**Try it**
Nothing but the data itself, reproduced exactly, is the expected answer.
┄┄┄┄┄┄┄┄┄┄
Lemma glued_comp_in x : x \in R -> comp (mono h glued) W x \subset R.
Proof.
move=> xR; apply: comp_closed => // u v uR /and3P[_ vW /andP[huv /eqP cuv]].
apply: contraT => vR; have := glued_boundary uR _ huv; rewrite inE vR vW => /(_ isT).
by rewrite -cuv /glued uR; case: b.
Qed.

Lemma glued_comp_out x : x \in W :\: R ->
  comp (mono h glued) W x \subset comp (mono h (F (comp h (W :\: R) x))) (comp h (W :\: R) x) x.
Proof.
move=> xWR; set C := comp h (W :\: R) x.
have glued_C u : u \in C -> glued u = F C u.
  move=> uC; have /setDP[_ uR] := subsetP (comp_sub h xWR) u uC.
  by rewrite /glued (negbTE uR) (comp_eq h_sym uC).
have sub_C : comp (mono h glued) W x \subset C.
  apply: comp_closed => [|u v uC /and3P[_ vW /andP[huv /eqP cuv]]]; first exact: comp_refl.
  have /setDP[uW uR] := subsetP (comp_sub h xWR) u uC.
  have vR : v \notin R.
    apply: contraT => /negbNE vR; have uWR : u \in W :\: R by rewrite inE uR uW.
    by have := glued_boundary vR uWR; rewrite h_sym huv cuv /glued vR => /(_ isT); case: b.
  by apply: comp_step uC _; rewrite /induced /= huv !inE uR vR uW vW.
apply: sub_comp => u v uG uv; have vG := comp_step uG uv.
move: uv => /and3P[_ _ /andP[huv cuv]].
have [uC vC] := (subsetP sub_C u uG, subsetP sub_C v vG).
by rewrite /induced /mono /= uC vC huv -(glued_C u uC) -(glued_C v vC).
Qed.

End Glue.

Section ClusteredColoring.
Variables (T : finType) (h : rel T) (I : finType) (te : rel I) (bag : I -> {set T}).
Hypotheses (h_sym : symmetric h) (td : tree_decomposition h te bag).
Variables (K d : nat).
Hypotheses (K_gt0 : 0 < K) (bag_le : forall i, #|bag i| <= K).
Hypotheses (d_gt0 : 0 < d) (deg_le : forall x, #|[set y | h x y]| <= d).

(* A component boundary has at most d (|X| + 2 d K) <= precolored_bound vertices. *)
Definition precolored_bound := 4 * d * d * K + 1.
Definition cluster_bound := 2 * precolored_bound + 2.

Lemma separator_card (W P X : {set T}) : #|P| <= precolored_bound + 1 ->
  balanced_separator h K (2 * d * K) P W X -> 2 * d * #|X| <= precolored_bound + 1.
Proof.
move=> Ps [_ costX _]; rewrite -(leq_pmul2l K_gt0).
by have := leq_mul (leqnn K) Ps; nia.
Qed.

Lemma boundary_card (W P X : {set T}) y : P \subset W -> #|P| <= precolored_bound + 1 ->
  balanced_separator h K (2 * d * K) P W X -> y \in W :\: (P :|: X) ->
  #|comp h (W :\: (P :|: X)) y :&: nbhd h (P :|: X)| <= precolored_bound.
Proof.
move=> PW Ps sep yWR; have cardX := separator_card Ps sep.
have [_ _ sepX] := sep; set C := comp h _ y.
have yWX : y \in W :\: X by move: yWR; rewrite !inE negb_or => /andP[/andP[_ ->] ->].
have C_WX : C \subset comp h (W :\: X) y.
  apply: sub_comp => a c _ /and3P[aW cW hac]; rewrite /induced /= hac andbT.
  by move: aW cW; rewrite !inE !negb_or => /andP[/andP[_ ->] ->] /andP[/andP[_ ->] ->].
(* A neighbour in P of a vertex of C lies in the component of y in W minus X. *)
have sub : C :&: nbhd h (P :|: X) \subset nbhd h (X :|: (P :&: comp h (W :\: X) y)).
  apply/subsetP => z /setIP[/(subsetP C_WX) zC /nbhdP[u uR huz]]; apply/nbhdP; exists u => //.
  rewrite inE; case: (boolP (u \in X)) => //= uX.
  have uP : u \in P by move: uR; rewrite inE (negbTE uX) orbF.
  have zWX := subsetP (comp_sub h yWX) z zC.
  rewrite inE uP /=; apply: (comp_step zC).
  by rewrite /induced /= h_sym huz zWX inE uX (subsetP PW u uP).
apply: leq_trans (subset_leq_card sub) _; apply: leq_trans (card_nbhd _ deg_le) _.
have [+ _] := leq_card_setU X (P :&: comp h (W :\: X) y); have := sepX y yWX.
rewrite /precolored_bound in cardX *; nia.
Qed.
┄┄┄┄┄┄┄┄┄┄
**The answer**
Lemma glued_comp_in x : x \in R -> comp (mono h glued) W x \subset R.
Proof.
move=> xR; apply: comp_closed => // u v uR /and3P[_ vW /andP[huv /eqP cuv]].
apply: contraT => vR; have := glued_boundary uR _ huv; rewrite inE vR vW => /(_ isT).
by rewrite -cuv /glued uR; case: b.
Qed.

Lemma glued_comp_out x : x \in W :\: R ->
  comp (mono h glued) W x \subset comp (mono h (F (comp h (W :\: R) x))) (comp h (W :\: R) x) x.
Proof.
move=> xWR; set C := comp h (W :\: R) x.
have glued_C u : u \in C -> glued u = F C u.
  move=> uC; have /setDP[_ uR] := subsetP (comp_sub h xWR) u uC.
  by rewrite /glued (negbTE uR) (comp_eq h_sym uC).
have sub_C : comp (mono h glued) W x \subset C.
  apply: comp_closed => [|u v uC /and3P[_ vW /andP[huv /eqP cuv]]]; first exact: comp_refl.
  have /setDP[uW uR] := subsetP (comp_sub h xWR) u uC.
  have vR : v \notin R.
    apply: contraT => /negbNE vR; have uWR : u \in W :\: R by rewrite inE uR uW.
    by have := glued_boundary vR uWR; rewrite h_sym huv cuv /glued vR => /(_ isT); case: b.
  by apply: comp_step uC _; rewrite /induced /= huv !inE uR vR uW vW.
apply: sub_comp => u v uG uv; have vG := comp_step uG uv.
move: uv => /and3P[_ _ /andP[huv cuv]].
have [uC vC] := (subsetP sub_C u uG, subsetP sub_C v vG).
by rewrite /induced /mono /= uC vC huv -(glued_C u uC) -(glued_C v vC).
Qed.

End Glue.

Section ClusteredColoring.
Variables (T : finType) (h : rel T) (I : finType) (te : rel I) (bag : I -> {set T}).
Hypotheses (h_sym : symmetric h) (td : tree_decomposition h te bag).
Variables (K d : nat).
Hypotheses (K_gt0 : 0 < K) (bag_le : forall i, #|bag i| <= K).
Hypotheses (d_gt0 : 0 < d) (deg_le : forall x, #|[set y | h x y]| <= d).

(* A component boundary has at most d (|X| + 2 d K) <= precolored_bound vertices. *)
Definition precolored_bound := 4 * d * d * K + 1.
Definition cluster_bound := 2 * precolored_bound + 2.

Lemma separator_card (W P X : {set T}) : #|P| <= precolored_bound + 1 ->
  balanced_separator h K (2 * d * K) P W X -> 2 * d * #|X| <= precolored_bound + 1.
Proof.
move=> Ps [_ costX _]; rewrite -(leq_pmul2l K_gt0).
by have := leq_mul (leqnn K) Ps; nia.
Qed.

Lemma boundary_card (W P X : {set T}) y : P \subset W -> #|P| <= precolored_bound + 1 ->
  balanced_separator h K (2 * d * K) P W X -> y \in W :\: (P :|: X) ->
  #|comp h (W :\: (P :|: X)) y :&: nbhd h (P :|: X)| <= precolored_bound.
Proof.
move=> PW Ps sep yWR; have cardX := separator_card Ps sep.
have [_ _ sepX] := sep; set C := comp h _ y.
have yWX : y \in W :\: X by move: yWR; rewrite !inE negb_or => /andP[/andP[_ ->] ->].
have C_WX : C \subset comp h (W :\: X) y.
  apply: sub_comp => a c _ /and3P[aW cW hac]; rewrite /induced /= hac andbT.
  by move: aW cW; rewrite !inE !negb_or => /andP[/andP[_ ->] ->] /andP[/andP[_ ->] ->].
(* A neighbour in P of a vertex of C lies in the component of y in W minus X. *)
have sub : C :&: nbhd h (P :|: X) \subset nbhd h (X :|: (P :&: comp h (W :\: X) y)).
  apply/subsetP => z /setIP[/(subsetP C_WX) zC /nbhdP[u uR huz]]; apply/nbhdP; exists u => //.
  rewrite inE; case: (boolP (u \in X)) => //= uX.
  have uP : u \in P by move: uR; rewrite inE (negbTE uX) orbF.
  have zWX := subsetP (comp_sub h yWX) z zC.
  rewrite inE uP /=; apply: (comp_step zC).
  by rewrite /induced /= h_sym huz zWX inE uX (subsetP PW u uP).
apply: leq_trans (subset_leq_card sub) _; apply: leq_trans (card_nbhd _ deg_le) _.
have [+ _] := leq_card_setU X (P :&: comp h (W :\: X) y); have := sepX y yWX.
rewrite /precolored_bound in cardX *; nia.
Qed.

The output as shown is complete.